On October 2, 2020, Brown filed a formal complaint asserting a claim of age discrimination regarding ODNI's decision “to terminate processing of a contingent offer of employment (COE) given to [him] in May 2019.” Compl.; ECF 5-12 at 7. In an attachment to his ODNI formal complaint of discrimination, Brown refers to “two other complaints that are derivative from this ODNI action that also suggest the possibility of age discrimination” and that “both relate to a mistake made” in 2015 that allegedly caused the termination of a contract with him as well as a lapse in his security clearances. Id.
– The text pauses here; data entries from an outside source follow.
(* Let $(M^n)_{n\in\mathbb{N}}$ be a sequence of nonnegative matrices in $\mathbb{R}^{p\times q}_+$ converging (entrywise) to $M\in\mathbb{R}^{p\times q}_+$, and suppose $\operatorname{rank}_{\mathrm{psd}}(M^n)\le k$ for all $n$. Then $\operatorname{rank}_{\mathrm{psd}}(M)\le k$.
   Context: $\mathcal{S}^k_+$ denotes the cone of $k\times k$ real symmetric positive semidefinite matrices, with inner product $\langle A,B\rangle = \operatorname{trace}(AB)$. A psd factorization of size $k$ of a nonnegative matrix $M\in\mathbb{R}^{p\times q}_+$ is a collection $A_1,\dots,A_p, B_1,\dots,B_q \in \mathcal{S}^k_+$ with $M_{ij} = \langle A_i, B_j\rangle$ for all $i,j$; the psd rank $\operatorname{rank}_{\mathrm{psd}}(M)$ is the smallest $k$ for which such a factorization exists. *)

From Stdlib Require Import Reals.
Open Scope R_scope.

Fixpoint sumR (n : nat) (f : nat -> R) : R :=
  match n with
  | O => 0
  | S m => sumR m f + f m
  end.

(* A (real) matrix is a function of row/column indices; only the indices
   below the relevant dimensions matter. *)
Definition Mat := nat -> nat -> R.

Definition is_psd (k : nat) (A : Mat) : Prop :=
  (forall i j, (i < k)%nat -> (j < k)%nat -> A i j = A j i) /\
  (forall x : nat -> R,
      0 <= sumR k (fun i => sumR k (fun j => x i * A i j * x j))).

Definition tr_inner (k : nat) (A B : Mat) : R :=
  sumR k (fun i => sumR k (fun j => A i j * B j i)).

Definition nonneg_mat (p q : nat) (M : Mat) : Prop :=
  forall i j, (i < p)%nat -> (j < q)%nat -> 0 <= M i j.

Definition has_psd_factorization (p q k : nat) (M : Mat) : Prop :=
  exists (A B : nat -> Mat),
    (forall i, (i < p)%nat -> is_psd k (A i)) /\
    (forall j, (j < q)%nat -> is_psd k (B j)) /\
    (forall i j, (i < p)%nat -> (j < q)%nat -> M i j = tr_inner k (A i) (B j)).

Definition is_psd_rank (p q : nat) (M : Mat) (r : nat) : Prop :=
  has_psd_factorization p q r M /\
  (forall k, has_psd_factorization p q k M -> (r <= k)%nat).

(* After zero-padding, every [M^n] has a psd factorization of size exactly [k].
   A congruence [A_i -> T^t A_i T], [B_j -> S B_j S^t] with [T S = I] keeps the
   factorization, and symmetric Gaussian elimination on the psd matrix [sum_i A_i]
   makes it a diagonal 0/1 matrix; the factors can then be chosen with
   [|A_i| <= 1] and [|B_j| <= sum_i M_ij] entrywise.  These bounds are uniform
   in [n] because [M^n] converges, so by Bolzano-Weierstrass a subsequence of the
   factors converges, and the limits factor [M]: the psd cone is closed and the
   trace pairing is continuous. *)

From Stdlib Require Import Reals Lra Lia List ClassicalEpsilon FunctionalExtensionality Wf_nat.
Open Scope R_scope.

Lemma sumR_ext n f g : (forall i, (i < n)%nat -> f i = g i) -> sumR n f = sumR n g.
Proof.
  induction n as [|n IH]; simpl; intros H; [reflexivity|].
  rewrite IH by (intros; apply H; lia). rewrite H by lia; reflexivity.
Qed.

Lemma sumR_add n f g : sumR n (fun i => f i + g i) = sumR n f + sumR n g.
Proof. induction n as [|n IH]; simpl; [lra|]. rewrite IH; ring. Qed.

Lemma sumR_mult_l n c f : sumR n (fun i => c * f i) = c * sumR n f.
Proof. induction n as [|n IH]; simpl; [ring|]. rewrite IH; ring. Qed.

Lemma sumR_mult_r n c f : sumR n (fun i => f i * c) = sumR n f * c.
Proof. induction n as [|n IH]; simpl; [ring|]. rewrite IH; ring. Qed.

Lemma sumR_zero n : sumR n (fun _ => 0) = 0.
Proof. induction n as [|n IH]; simpl; [reflexivity|]. rewrite IH; ring. Qed.

Lemma sumR_comm n m (f : nat -> nat -> R) :
  sumR n (fun i => sumR m (fun j => f i j)) = sumR m (fun j => sumR n (fun i => f i j)).
Proof.
  induction n as [|n IH]; simpl.
  - symmetry; apply sumR_zero.
  - rewrite IH, <- sumR_add; reflexivity.
Qed.

Lemma sumR_nonneg n f : (forall i, (i < n)%nat -> 0 <= f i) -> 0 <= sumR n f.
Proof.
  induction n as [|n IH]; simpl; intros H; [lra|].
  assert (0 <= f n) by (apply H; lia).
  assert (0 <= sumR n f) by (apply IH; intros; apply H; lia).
  lra.
Qed.

Lemma sumR_term_le n f a :
  (forall i, (i < n)%nat -> 0 <= f i) -> (a < n)%nat -> f a <= sumR n f.
Proof.
  induction n as [|n IH]; simpl; intros H Ha; [lia|].
  assert (0 <= f n) by (apply H; lia).
  destruct (Nat.eq_dec a n) as [->|Hne].
  - assert (0 <= sumR n f) by (apply sumR_nonneg; intros; apply H; lia). lra.
  - assert (f a <= sumR n f) by (apply IH; [intros; apply H|]; lia). lra.
Qed.

Lemma sumR_trunc r n f :
  (r <= n)%nat -> (forall i, (r <= i < n)%nat -> f i = 0) -> sumR n f = sumR r f.
Proof.
  induction n as [|n IH]; intros Hr H.
  - replace r with 0%nat by lia; reflexivity.
  - destruct (Nat.eq_dec r (S n)) as [->|Hne]; [reflexivity|].
    simpl; rewrite IH, (H n) by (try intros; try apply H; lia); ring.
Qed.

Lemma sumR_trunc2 r n (f : nat -> nat -> R) : (r <= n)%nat ->
  (forall a b, (a < n)%nat -> (b < n)%nat -> (r <= a \/ r <= b)%nat -> f a b = 0) ->
  sumR n (fun a => sumR n (fun b => f a b)) = sumR r (fun a => sumR r (fun b => f a b)).
Proof.
  intros Hr H. rewrite (sumR_trunc r n).
  - apply sumR_ext; intros; apply sumR_trunc; auto. intros; apply H; lia.
  - exact Hr.
  - intros i Hi. rewrite (sumR_ext _ _ (fun _ => 0)) by (intros; apply H; lia).
    apply sumR_zero.
Qed.

Definition kron (i j : nat) : R := if Nat.eqb i j then 1 else 0.

Lemma kron_refl i : kron i i = 1.
Proof. unfold kron; rewrite Nat.eqb_refl; reflexivity. Qed.

Lemma kron_neq i j : i <> j -> kron i j = 0.
Proof. intros; unfold kron; destruct (Nat.eqb_spec i j); [lia|reflexivity]. Qed.

Lemma kron_sym i j : kron i j = kron j i.
Proof. unfold kron; rewrite Nat.eqb_sym; reflexivity. Qed.

Lemma sumR_kron n a f : (a < n)%nat -> sumR n (fun i => kron i a * f i) = f a.
Proof.
  induction n as [|n IH]; intros Ha; [lia|]. simpl.
  destruct (Nat.eq_dec a n) as [->|Hne].
  - rewrite kron_refl, (sumR_ext _ _ (fun _ => 0)), sumR_zero; [ring|].
    intros; rewrite kron_neq by lia; ring.
  - rewrite IH, kron_neq by lia; ring.
Qed.

Lemma sumR_kron_pair n a b s t f : (a < n)%nat -> (b < n)%nat ->
  sumR n (fun i => (s * kron i a + t * kron i b) * f i) = s * f a + t * f b.
Proof.
  intros Ha Hb.
  rewrite (sumR_ext _ _ (fun i => kron i a * (s * f i) + kron i b * (t * f i)))
    by (intros; ring).
  rewrite sumR_add, !sumR_kron by assumption; reflexivity.
Qed.
Definition mm (k : nat) (A B : Mat) : Mat := fun i j => sumR k (fun l => A i l * B l j).
Definition tp (A : Mat) : Mat := fun i j => A j i.
Definition cong (k : nat) (T A : Mat) : Mat := mm k (mm k (tp T) A) T.
Definition colv (x : nat -> R) : Mat := fun i _ => x i.
Definition mv (k : nat) (T : Mat) (x : nat -> R) : nat -> R :=
  fun a => sumR k (fun b => T a b * x b).
Definition qf (k : nat) (A : Mat) (x : nat -> R) : R :=
  sumR k (fun i => sumR k (fun j => x i * A i j * x j)).

Definition is_right_inverse (k : nat) (T S : Mat) : Prop :=
  forall a b, (a < k)%nat -> (b < k)%nat -> mm k T S a b = kron a b.

Lemma mm_assoc k A B C : mm k (mm k A B) C = mm k A (mm k B C).
Proof.
  apply functional_extensionality; intro i; apply functional_extensionality; intro j.
  unfold mm.
  rewrite (sumR_ext _ _ (fun l => sumR k (fun m => A i m * B m l * C l j)))
    by (intros; rewrite <- sumR_mult_r; reflexivity).
  rewrite sumR_comm. apply sumR_ext; intros.
  rewrite <- sumR_mult_l. apply sumR_ext; intros; ring.
Qed.

Lemma mm_tp k A B i j : mm k (tp B) (tp A) i j = mm k A B j i.
Proof. unfold mm, tp. apply sumR_ext; intros; ring. Qed.

Lemma mm_right_inverse_l k T S X i j : is_right_inverse k T S -> (i < k)%nat ->
  mm k (mm k T S) X i j = X i j.
Proof.
  intros HTS Hi. unfold mm at 1.
  rewrite <- (sumR_kron k i (fun l => X l j)) by exact Hi.
  apply sumR_ext; intros. rewrite HTS, kron_sym by assumption; reflexivity.
Qed.

Lemma is_right_inverse_tp k T S : is_right_inverse k T S -> is_right_inverse k (tp S) (tp T).
Proof. intros HTS a b Ha Hb. rewrite mm_tp, HTS, kron_sym by assumption; reflexivity. Qed.

Lemma tr_inner_comm k A B : tr_inner k A B = tr_inner k B A.
Proof.
  unfold tr_inner. rewrite sumR_comm.
  apply sumR_ext; intros; apply sumR_ext; intros; ring.
Qed.

Lemma tr_inner_mm_assoc k A B C : tr_inner k (mm k A B) C = tr_inner k A (mm k B C).
Proof.
  unfold tr_inner, mm. apply sumR_ext; intros i _.
  rewrite (sumR_ext _ _ (fun j => sumR k (fun l => A i l * B l j * C j i)))
    by (intros; rewrite <- sumR_mult_r; reflexivity).
  rewrite sumR_comm. apply sumR_ext; intros.
  rewrite <- sumR_mult_l. apply sumR_ext; intros; ring.
Qed.

Lemma tr_inner_ext_r k A B B' :
  (forall i j, (i < k)%nat -> (j < k)%nat -> B i j = B' i j) ->
  tr_inner k A B = tr_inner k A B'.
Proof.
  intros H. unfold tr_inner.
  apply sumR_ext; intros; apply sumR_ext; intros. rewrite H by assumption; reflexivity.
Qed.

(* With [T S = I]: tr((T^t A T)(S B S^t)) = tr(A (T S) B (S^t T^t)) = tr(A B). *)
Lemma tr_inner_cong k T S A B : is_right_inverse k T S ->
  tr_inner k (cong k T A) (cong k (tp S) B) = tr_inner k A B.
Proof.
  intros HTS. unfold cong.
  rewrite tr_inner_mm_assoc, (mm_assoc k S B), <- (mm_assoc k T S).
  rewrite (tr_inner_ext_r _ _ _ (mm k B (tp S)))
    by (intros; apply mm_right_inverse_l; assumption).
  rewrite tr_inner_comm, tr_inner_mm_assoc, <- mm_assoc.
  rewrite (tr_inner_ext_r _ _ _ A)
    by (intros; apply mm_right_inverse_l; [apply is_right_inverse_tp|]; assumption).
  apply tr_inner_comm.
Qed.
Following Brown's formal complaint, ODNI conducted an investigation pursuant to 29 C.F.R. § 1614 and issued a final agency decision (“FAD”) on July 16, 2021, finding that Brown had “failed to adduce evidence to demonstrate that he was subjected to discrimination on the basis of age with regard to his allegation.” Def. Mem.; Ex. 19 at 16. Brown then appealed the FAD to the EEOC's Office of Federal Operations, which issued a decision affirming the FAD on June 16, 2022. Id.; Ex. 2. Brown proceeded to move for reconsideration of that decision, which the EEOC denied on November 21, 2022. Compl.; ECF 5-12 at 1-3. In the EEOC denial letter, Brown was advised that he had ninety calendar days from the date of receipt to file a civil action in an appropriate district court. Id.; ECF 5-12 at 2. Brown further alleges that he was not selected for three additional positions - (1) Vice Chair of the National Intelligence Council “listed at the same Tier 2 grade level as the NIO [for] Economics” in mid-summer of 2022, (2) a National Intelligence Council Association position on North Korea in December 2021 because “funding for that small project had [] ended,” and (3) a professor position at “ODNI's University” in November 2020. Id. at 21. Brown has not submitted an independent complaint or notice of intent to sue involving any of these three positions to the ODNI's EEO Office or to the EEOC's Office of Federal Operations. Def. Mem.; Ex. 21 at 2-3. Brown has also not contacted an ODNI EEO counselor to initiate the informal counseling process with respect to any these three positions. Id.
III. LEGAL STANDARD
Courts may grant a motion to dismiss under Federal Rule of Civil Procedure 12(b)(6) when a complaint fails as a matter of law “to state a claim upon which relief can be granted.” Fed.R.Civ.P. 12(b)(6). To survive a motion under Rule 12(b)(6), a complaint must contain facts sufficient to “state a claim to relief that is plausible on its face.” Bell Atl. Corp. v. Twombly, 550 U.S. 544, 570 (2007); see also Ashcroft v. Iqbal, 556 U.S. 662, 684 (2009). A plaintiff need not include “detailed factual allegations” in order to satisfy Rule 8(a)(2). Twombly, 550 U.S. at 555. Nevertheless, a plaintiff must make more than bald accusations or mere speculation; “naked assertions devoid of further factual enhancement,” and “a formulaic recitation of the elements of a cause of action” are insufficient under Rule 12(b)(6). Twombly, 550 U.S. at 555; see Painter's Mill Grille, LLC v. Brown, 716 F.3d 342, 350 (4th Cir. 2013). When considering a motion under Rule 12(b)(6), the Court “must accept as true all of the factual allegations contained in the complaint” and must “draw all reasonable inferences in favor of the plaintiff.” E.I. du Pont de Nemours & Co. v. Kolon Indus., Inc., 637 F.3d 435, 440 (4th Cir. 2011) (citations omitted). A complaint by a pro se plaintiff should be liberally construed. Gordon v. Leeke, 574 F.2d 1147, 1151 (4th Cir. 1978). But the Court's “task is not to discern the unexpressed intent of the plaintiff.” Laber v. Harvey, 438 F.3d 404, 413 n.3 (4th Cir. 2006).
IV. ANALYSIS
Brown's complaint contains three counts alleging - (1) discrimination against him on the basis of age when it rescinded his COE to serve as the NIO for Economics on August 7, 2020; (2) EEO's failure to adequately process his administrative complaint; and (3) retaliation in connection with three positions that he was not selected for between November 2020 and “mid-summer” of 2022. Compl. at 10-22.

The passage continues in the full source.